With At Night, the Red Sky, the independent Iranian author of cinema and theatre Ali Razi, known for his works dealing with totalitarianism and democratic freedom, has created a sublime cinematic analysis of a political revolt. His experimental short film on the mass protests of 2022/2023 in Iran will have its premiere at the DocLisboa 2023.

Woman, life, freedom
File rouge: an image of a woman. Shot from her back, black trousers, black vest, black backpack on the shoulders, thick black hair tied in a ponytail with a white hairband, her white naked right hand clenched into a fist and raised to the sky, facing the dense mass of protesters in a distance at the other end of the street, two spots of fire on the road in front of her, cars parked on left and right, framed by city buildings, modern constructions of glass and concrete, and some trees under the grey sky. This image is one among many images documenting the events that took place in 2022 in Iran after the 22-year-old Mahsa Amini was detained by morality police on charges of not wearing a hijab as required by the Islamic Republic’s regulations and, a few days later, died due to the injuries. The fury over the killing took people to the streets and soon evolved into «an uprising movement against the mandatory hijab, against gender apartheid and ultimately against rules to which people no longer want to submit.» These were the biggest protests seen in Iran since 2009, explains the director in the introduction. The screams demanding «Woman, Life, Freedom» were heard all around the country.
These were the biggest protests seen in Iran since 2009
Anatomy of a revolt
The images of the recent protests in Iran bring to mind another image: the one of a man blocking a line of tanks in Beijing’s Tiananmen Square. The photographer Jeff Widener took the photo on June 5, 1989, one day after Chinese troops began violently cracking down on pro-democracy demonstrators who had been in the square for over a month. This photo, dubbed «Tank Man Photo» by international media, became an iconic image of how one man defied brutal state power and is considered a symbol of resistance today. In his film At Night, the Red Sky, Ali Razi invites us to follow a more elaborate investigation into the phenomenon of revolt. Overwhelmed by the «images of men and women who brought the mountains of their dreams to the streets,» Razi suggests two lines of reflection along the film’s two protagonists, a woman and a man, and their travels through time. The man remembers his recent visit to the elementary school he attended during the Iran-Iraq war (1980-1988) with a desire to «forget the past and remember the future.» The woman remembers her theatre role of Antigone and her endeavors to understand the anatomy and physical movement of a woman who says «No.»

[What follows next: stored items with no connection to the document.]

(* Let $(\mathcal E,B,\mathcal L_{\mathcal P})$ be an epistemic space and $\mathcal S$ a set of agents. An ES combination operator $\nabla$ is an ES basic fusion operator if and only if there exists a unique basic assignment $\Phi\mapsto\succeq_\Phi$ such that for every profile $\Phi$ and every $E\in\mathcal E$, $$[\![B(\nabla(\Phi,E))]\!]=\max\big([\![B(E)]\!],\succeq_\Phi\big).$$
   Context: $\mathcal L_{\mathcal P}$ is the set of propositional formulas over a finite set $\mathcal P$ of variables, $\mathcal W_{\mathcal P}$ its set of valuations, $[\![\phi]\!]$ the set of models of $\phi$. An epistemic space is a triple $(\mathcal E,B,\mathcal L_{\mathcal P})$ with $\mathcal E$ a nonempty set and $B:\mathcal E\to\mathcal L_{\mathcal P}$ whose image modulo logical equivalence is exactly the set of consistent formulas modulo equivalence. Agents form a well-ordered set $(\mathcal S,<)$; a society is a nonempty finite $N\subseteq\mathcal S$; an $N$-profile is a function $\Phi:N\to\mathcal E$, $E_i:=\Phi(i)$; for $N=\{i\}$ it is identified with $E_i$. Profiles $\Phi$ on $N=\{i_1<\dots<i_n\}$ and $\Psi$ on $M=\{j_1<\dots<j_m\}$ are equivalent, $\Phi\equiv\Psi$, if $n=m$ and $\Phi(i_k)=\Psi(j_k)$ for all $k$. An ES combination operator $\nabla$ assigns to every profile $\Phi$ and every $E\in\mathcal E$ an element $\nabla(\Phi,E)\in\mathcal E$. It is an ES basic fusion operator if for all profiles $\Phi,\Phi'$ and $E,E',E''$: (ESF1) $B(\nabla(\Phi,E))\vdash B(E)$; (ESF2) if $\Phi\equiv\Phi'$ and $B(E)\equiv B(E')$ then $B(\nabla(\Phi,E))\equiv B(\nabla(\Phi',E'))$; (ESF3) if $B(E)\equiv B(E')\wedge B(E'')$ then $B(\nabla(\Phi,E'))\wedge B(E'')\vdash B(\nabla(\Phi,E))$; (ESF4) if $B(E)\equiv B(E')\wedge B(E'')$ and $B(\nabla(\Phi,E'))\wedge B(E'')\nvdash\bot$ then $B(\nabla(\Phi,E))\vdash B(\nabla(\Phi,E'))\wedge B(E'')$. An assignment maps each profile $\Phi$ to a total preorder $\succeq_\Phi$ on $\mathcal W_{\mathcal P}$; it is basic if $\Phi\equiv\Psi$ implies $\succeq_\Phi=\succeq_\Psi$. For a total preorder $\succeq$ and set $C$, $\max(C,\succeq)=\{c\in C:\ c\succeq x\text{ for all }x\in C\}$. *)

From HB Require Import structures.
From mathcomp Require Import all_boot all_order.
Set Implicit Arguments. Unset Strict Implicit. Unset Printing Implicit Defensive.
Import Order.TTheory.
Local Open Scope order_scope.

The first reflection, the diachronous one, explores the reasons and consequences. It concerns protesters’ dreams and memories and asks how they get there. The protagonist condemns the futility of the war because «The war is over, but the coffins of veterans are still arriving.» And shows how the students protesting today learned as schoolchildren to chest beat in their prayers for Imam Hossein and to condemn the USA. The second reflection, the synchronous one, ponders on the finality of the decision taken by Antigone, the decision that changed everything. Continuity and change.

History is politics
Although structurally different, both lines of reflection simultaneously rely on what is communicated through the first-person narration and on the purely visual cinematic means. Thus, in the episode on the schoolboys of today and tomorrow’s revolutionaries, the children’s praying gestures are juxtaposed with the gestures of protesters. In the episode on Antigone, the image of a woman that can be Mahsa Amini is juxtaposed with the recordings of the movement of the protagonist in the Antigone theatre play. The director’s approach is intuitive and analytical at the same time, formally emphasising that the reasons for revolt might be multiple and the outcomes unknown.
The elliptical narration and stress on the travels in time resemble Chris Marker’s La Jette. «History is always contemporary History, that is, politics» by Antonio Gramschi is the film’s motto. A hybrid of animation, still and moving archival images by unknown photographers and videographers, documentary film and theatre recordings, and techniques of experimental cinematography such as multiple exposures, accompanied by found sounds and piano score composed by Payman Yazdanian At Night, the Red Sky is a unique and engaging experimental documentary short.